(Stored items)
• • • • • • •

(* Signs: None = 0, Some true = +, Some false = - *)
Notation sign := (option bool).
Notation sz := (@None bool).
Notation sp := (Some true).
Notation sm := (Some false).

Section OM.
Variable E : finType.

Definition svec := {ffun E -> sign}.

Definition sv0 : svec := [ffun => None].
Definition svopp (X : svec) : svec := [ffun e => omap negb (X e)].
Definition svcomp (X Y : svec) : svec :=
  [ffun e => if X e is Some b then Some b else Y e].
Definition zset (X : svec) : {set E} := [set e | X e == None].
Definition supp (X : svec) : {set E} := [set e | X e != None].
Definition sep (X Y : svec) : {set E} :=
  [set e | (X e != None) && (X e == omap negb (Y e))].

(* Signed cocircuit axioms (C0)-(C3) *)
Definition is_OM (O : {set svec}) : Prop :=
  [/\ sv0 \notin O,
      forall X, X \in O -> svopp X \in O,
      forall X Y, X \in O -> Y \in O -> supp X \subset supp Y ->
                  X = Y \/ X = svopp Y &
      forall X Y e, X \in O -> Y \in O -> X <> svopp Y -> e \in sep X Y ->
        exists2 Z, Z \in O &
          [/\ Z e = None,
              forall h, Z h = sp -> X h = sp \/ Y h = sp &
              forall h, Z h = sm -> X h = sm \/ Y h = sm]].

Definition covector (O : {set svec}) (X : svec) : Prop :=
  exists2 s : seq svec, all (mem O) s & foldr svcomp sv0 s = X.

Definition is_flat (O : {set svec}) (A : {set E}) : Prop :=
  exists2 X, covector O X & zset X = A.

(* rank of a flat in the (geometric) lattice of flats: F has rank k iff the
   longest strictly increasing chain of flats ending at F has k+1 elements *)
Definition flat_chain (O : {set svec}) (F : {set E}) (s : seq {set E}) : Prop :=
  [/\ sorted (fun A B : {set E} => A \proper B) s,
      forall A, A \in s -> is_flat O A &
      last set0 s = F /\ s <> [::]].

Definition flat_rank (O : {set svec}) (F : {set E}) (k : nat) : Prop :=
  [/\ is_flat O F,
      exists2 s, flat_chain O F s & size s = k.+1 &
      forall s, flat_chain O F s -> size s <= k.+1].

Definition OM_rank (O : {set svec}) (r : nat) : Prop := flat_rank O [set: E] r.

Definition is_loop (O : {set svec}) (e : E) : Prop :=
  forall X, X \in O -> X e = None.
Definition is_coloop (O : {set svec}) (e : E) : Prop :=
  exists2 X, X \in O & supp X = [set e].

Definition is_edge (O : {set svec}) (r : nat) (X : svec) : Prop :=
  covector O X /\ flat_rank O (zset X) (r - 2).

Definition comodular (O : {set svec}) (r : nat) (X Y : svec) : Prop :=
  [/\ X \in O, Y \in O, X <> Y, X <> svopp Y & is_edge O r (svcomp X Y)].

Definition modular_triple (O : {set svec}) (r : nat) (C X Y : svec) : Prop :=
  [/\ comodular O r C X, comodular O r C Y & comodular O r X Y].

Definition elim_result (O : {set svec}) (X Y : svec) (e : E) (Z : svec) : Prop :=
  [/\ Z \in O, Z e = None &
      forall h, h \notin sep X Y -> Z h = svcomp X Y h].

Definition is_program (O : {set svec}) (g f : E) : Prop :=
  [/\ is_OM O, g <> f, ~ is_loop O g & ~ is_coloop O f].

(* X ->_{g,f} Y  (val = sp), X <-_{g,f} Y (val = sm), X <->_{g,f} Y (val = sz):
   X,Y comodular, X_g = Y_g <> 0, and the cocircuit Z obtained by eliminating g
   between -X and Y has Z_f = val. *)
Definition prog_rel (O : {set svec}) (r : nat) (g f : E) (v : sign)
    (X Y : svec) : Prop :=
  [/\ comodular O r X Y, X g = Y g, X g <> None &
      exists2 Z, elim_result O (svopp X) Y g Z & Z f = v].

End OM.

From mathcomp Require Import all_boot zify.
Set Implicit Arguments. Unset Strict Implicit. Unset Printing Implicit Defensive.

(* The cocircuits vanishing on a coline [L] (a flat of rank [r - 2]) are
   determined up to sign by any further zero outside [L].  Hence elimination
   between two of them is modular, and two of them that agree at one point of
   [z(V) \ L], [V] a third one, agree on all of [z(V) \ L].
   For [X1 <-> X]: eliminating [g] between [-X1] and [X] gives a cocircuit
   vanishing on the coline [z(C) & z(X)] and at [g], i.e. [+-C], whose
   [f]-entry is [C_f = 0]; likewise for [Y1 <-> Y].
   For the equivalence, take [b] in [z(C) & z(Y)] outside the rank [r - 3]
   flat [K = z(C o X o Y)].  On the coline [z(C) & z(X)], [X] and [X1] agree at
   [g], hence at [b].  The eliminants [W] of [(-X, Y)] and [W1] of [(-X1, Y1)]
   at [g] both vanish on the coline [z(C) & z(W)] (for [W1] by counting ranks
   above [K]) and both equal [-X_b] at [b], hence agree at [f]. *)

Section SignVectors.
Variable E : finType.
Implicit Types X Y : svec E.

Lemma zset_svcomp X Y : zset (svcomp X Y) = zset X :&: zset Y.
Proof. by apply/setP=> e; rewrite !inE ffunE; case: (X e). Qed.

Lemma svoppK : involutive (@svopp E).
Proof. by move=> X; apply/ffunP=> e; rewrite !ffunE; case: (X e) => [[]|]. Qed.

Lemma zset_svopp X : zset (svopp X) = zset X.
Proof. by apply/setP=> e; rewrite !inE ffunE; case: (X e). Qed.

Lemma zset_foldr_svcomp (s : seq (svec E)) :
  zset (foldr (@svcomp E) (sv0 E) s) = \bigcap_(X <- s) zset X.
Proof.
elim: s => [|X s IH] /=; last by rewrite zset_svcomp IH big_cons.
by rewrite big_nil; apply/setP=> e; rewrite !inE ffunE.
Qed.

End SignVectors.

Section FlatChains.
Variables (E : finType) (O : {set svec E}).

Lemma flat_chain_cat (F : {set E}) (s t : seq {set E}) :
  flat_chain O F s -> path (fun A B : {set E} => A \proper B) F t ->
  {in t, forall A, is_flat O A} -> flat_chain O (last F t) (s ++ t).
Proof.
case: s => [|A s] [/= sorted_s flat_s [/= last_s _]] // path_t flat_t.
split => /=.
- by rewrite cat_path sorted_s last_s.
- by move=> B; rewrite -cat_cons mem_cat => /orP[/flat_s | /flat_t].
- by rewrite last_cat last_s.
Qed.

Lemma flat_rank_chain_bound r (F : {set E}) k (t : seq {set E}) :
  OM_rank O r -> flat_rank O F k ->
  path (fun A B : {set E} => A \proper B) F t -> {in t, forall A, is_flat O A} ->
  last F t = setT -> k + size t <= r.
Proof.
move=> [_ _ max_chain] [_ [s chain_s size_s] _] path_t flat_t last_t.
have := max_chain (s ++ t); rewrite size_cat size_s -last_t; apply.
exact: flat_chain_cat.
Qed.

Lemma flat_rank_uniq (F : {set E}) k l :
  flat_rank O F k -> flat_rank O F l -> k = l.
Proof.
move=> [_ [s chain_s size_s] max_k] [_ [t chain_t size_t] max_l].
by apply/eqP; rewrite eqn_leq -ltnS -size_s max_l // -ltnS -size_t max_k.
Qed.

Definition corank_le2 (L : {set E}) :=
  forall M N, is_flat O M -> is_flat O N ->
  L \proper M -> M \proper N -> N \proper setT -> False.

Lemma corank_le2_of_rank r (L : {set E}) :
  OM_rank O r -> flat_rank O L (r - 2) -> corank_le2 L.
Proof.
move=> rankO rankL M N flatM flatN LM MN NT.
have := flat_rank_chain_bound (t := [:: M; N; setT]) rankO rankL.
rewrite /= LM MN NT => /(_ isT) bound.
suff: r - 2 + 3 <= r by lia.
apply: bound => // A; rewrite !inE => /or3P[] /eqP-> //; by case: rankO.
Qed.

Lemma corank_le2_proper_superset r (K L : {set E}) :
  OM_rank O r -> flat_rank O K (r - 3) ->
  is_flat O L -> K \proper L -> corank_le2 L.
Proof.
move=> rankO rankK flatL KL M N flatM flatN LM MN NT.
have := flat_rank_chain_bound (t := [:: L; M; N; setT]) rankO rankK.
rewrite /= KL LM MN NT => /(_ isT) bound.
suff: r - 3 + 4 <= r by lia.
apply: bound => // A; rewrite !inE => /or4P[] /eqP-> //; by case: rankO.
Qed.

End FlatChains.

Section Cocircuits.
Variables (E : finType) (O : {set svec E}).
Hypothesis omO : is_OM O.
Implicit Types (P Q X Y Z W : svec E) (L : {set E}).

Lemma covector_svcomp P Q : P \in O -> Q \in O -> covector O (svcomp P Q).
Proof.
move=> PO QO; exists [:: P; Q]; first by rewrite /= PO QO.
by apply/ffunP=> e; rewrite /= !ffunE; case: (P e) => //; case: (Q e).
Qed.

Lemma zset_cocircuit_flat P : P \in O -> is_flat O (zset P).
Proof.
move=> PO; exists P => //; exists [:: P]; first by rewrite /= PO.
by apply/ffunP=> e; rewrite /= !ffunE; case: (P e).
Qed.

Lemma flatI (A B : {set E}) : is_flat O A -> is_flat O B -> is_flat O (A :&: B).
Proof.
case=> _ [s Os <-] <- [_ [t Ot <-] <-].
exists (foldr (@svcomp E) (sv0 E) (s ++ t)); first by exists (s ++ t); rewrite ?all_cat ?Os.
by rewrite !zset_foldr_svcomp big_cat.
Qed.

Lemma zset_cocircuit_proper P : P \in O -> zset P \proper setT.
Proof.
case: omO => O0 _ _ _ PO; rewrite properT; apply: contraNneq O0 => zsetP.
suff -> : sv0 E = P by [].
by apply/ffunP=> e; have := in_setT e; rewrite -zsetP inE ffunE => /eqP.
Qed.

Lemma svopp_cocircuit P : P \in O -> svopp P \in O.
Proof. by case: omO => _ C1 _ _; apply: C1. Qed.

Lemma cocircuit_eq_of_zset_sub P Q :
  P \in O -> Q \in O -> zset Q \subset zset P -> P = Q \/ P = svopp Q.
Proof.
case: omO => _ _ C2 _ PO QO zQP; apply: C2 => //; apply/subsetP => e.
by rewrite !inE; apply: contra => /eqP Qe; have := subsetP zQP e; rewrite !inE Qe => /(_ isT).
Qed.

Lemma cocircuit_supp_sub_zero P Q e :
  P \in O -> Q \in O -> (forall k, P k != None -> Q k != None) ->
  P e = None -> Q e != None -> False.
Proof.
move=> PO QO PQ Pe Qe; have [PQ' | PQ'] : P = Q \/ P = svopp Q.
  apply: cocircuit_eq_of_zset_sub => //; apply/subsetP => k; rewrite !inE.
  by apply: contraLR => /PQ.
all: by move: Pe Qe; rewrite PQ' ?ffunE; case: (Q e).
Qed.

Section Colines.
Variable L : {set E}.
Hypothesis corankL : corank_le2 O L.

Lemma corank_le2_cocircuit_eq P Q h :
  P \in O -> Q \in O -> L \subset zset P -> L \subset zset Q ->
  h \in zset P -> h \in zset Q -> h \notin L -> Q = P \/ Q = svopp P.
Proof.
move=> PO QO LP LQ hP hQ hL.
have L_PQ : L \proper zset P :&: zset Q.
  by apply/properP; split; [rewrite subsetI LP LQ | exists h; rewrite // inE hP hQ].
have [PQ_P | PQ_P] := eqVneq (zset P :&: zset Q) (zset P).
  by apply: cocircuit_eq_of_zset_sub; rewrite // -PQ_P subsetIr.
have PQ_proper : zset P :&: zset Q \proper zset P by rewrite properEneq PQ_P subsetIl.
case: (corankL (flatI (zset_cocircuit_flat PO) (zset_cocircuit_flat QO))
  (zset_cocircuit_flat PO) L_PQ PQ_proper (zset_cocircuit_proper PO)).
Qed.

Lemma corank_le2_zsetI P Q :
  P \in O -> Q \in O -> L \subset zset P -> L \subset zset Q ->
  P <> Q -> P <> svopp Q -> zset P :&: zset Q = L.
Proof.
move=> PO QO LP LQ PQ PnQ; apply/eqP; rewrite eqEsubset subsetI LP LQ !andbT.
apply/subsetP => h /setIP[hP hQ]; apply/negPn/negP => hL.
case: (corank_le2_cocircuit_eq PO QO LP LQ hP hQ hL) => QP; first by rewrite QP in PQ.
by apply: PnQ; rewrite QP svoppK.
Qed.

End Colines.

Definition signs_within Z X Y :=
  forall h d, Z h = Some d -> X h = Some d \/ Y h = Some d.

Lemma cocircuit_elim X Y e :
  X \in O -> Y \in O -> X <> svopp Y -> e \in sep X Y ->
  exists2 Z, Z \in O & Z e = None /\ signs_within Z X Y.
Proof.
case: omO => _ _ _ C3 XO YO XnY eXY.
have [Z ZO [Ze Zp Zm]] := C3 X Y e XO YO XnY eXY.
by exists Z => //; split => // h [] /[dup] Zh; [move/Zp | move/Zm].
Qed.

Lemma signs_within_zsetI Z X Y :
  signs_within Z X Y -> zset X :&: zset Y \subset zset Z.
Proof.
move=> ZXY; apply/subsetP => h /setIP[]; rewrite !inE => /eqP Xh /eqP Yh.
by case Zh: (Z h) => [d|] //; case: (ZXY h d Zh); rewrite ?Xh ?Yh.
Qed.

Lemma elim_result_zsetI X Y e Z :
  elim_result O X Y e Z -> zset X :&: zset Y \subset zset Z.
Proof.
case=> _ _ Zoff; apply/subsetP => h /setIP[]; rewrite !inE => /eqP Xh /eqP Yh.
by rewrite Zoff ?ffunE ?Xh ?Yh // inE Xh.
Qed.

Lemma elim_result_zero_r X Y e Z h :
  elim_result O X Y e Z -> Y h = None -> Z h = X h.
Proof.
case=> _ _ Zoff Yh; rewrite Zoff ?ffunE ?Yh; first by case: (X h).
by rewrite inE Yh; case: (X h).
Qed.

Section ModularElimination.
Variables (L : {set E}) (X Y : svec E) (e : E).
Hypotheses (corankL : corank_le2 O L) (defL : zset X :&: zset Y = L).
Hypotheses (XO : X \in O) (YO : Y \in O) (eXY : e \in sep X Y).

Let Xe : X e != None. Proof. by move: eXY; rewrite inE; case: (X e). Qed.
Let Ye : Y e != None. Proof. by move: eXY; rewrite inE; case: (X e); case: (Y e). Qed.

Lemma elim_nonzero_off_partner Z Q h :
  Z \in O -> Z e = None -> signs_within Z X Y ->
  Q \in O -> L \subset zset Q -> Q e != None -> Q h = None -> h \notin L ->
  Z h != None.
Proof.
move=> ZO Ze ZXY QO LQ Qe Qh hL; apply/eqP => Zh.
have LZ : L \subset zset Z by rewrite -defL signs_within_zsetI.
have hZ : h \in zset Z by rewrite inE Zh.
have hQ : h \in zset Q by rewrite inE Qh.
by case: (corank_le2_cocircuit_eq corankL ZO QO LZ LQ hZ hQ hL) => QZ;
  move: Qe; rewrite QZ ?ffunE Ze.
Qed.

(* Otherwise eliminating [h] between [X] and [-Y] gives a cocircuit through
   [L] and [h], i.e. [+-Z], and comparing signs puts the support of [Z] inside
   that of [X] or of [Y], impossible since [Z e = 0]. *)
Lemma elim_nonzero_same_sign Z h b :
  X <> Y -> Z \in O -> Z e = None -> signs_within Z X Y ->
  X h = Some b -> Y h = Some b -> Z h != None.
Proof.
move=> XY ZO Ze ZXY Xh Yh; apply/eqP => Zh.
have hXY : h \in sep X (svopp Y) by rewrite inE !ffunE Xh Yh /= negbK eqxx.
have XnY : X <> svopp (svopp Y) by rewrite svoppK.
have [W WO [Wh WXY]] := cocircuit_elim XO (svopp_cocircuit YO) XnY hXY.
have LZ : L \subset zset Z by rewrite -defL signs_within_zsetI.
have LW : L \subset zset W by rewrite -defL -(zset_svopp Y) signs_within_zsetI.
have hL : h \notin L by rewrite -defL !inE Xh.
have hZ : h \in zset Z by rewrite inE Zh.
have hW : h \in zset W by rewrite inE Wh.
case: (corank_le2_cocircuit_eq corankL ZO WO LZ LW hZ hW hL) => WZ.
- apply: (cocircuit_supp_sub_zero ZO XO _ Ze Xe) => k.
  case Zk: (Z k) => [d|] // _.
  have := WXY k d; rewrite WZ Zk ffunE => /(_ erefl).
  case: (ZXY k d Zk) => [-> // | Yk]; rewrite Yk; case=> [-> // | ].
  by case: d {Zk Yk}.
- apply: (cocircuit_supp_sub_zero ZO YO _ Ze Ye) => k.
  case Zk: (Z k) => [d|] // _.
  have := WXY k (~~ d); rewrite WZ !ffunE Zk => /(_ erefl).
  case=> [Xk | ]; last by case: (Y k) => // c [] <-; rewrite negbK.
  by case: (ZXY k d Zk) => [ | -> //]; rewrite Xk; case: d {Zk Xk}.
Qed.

• • • • • • •

*Task brief*:
Would you report every line of the entries above containing the word "corankL"?

*Response to the task*:
Hypothesis corankL : corank_le2 O L.
case: (corankL (flatI (zset_cocircuit_flat PO) (zset_cocircuit_flat QO))
Hypotheses (corankL : corank_le2 O L) (defL : zset X :&: zset Y = L).
by case: (corank_le2_cocircuit_eq corankL ZO QO LZ LQ hZ hQ hL) => QZ;
case: (corank_le2_cocircuit_eq corankL ZO WO LZ LW hZ hW hL) => WZ.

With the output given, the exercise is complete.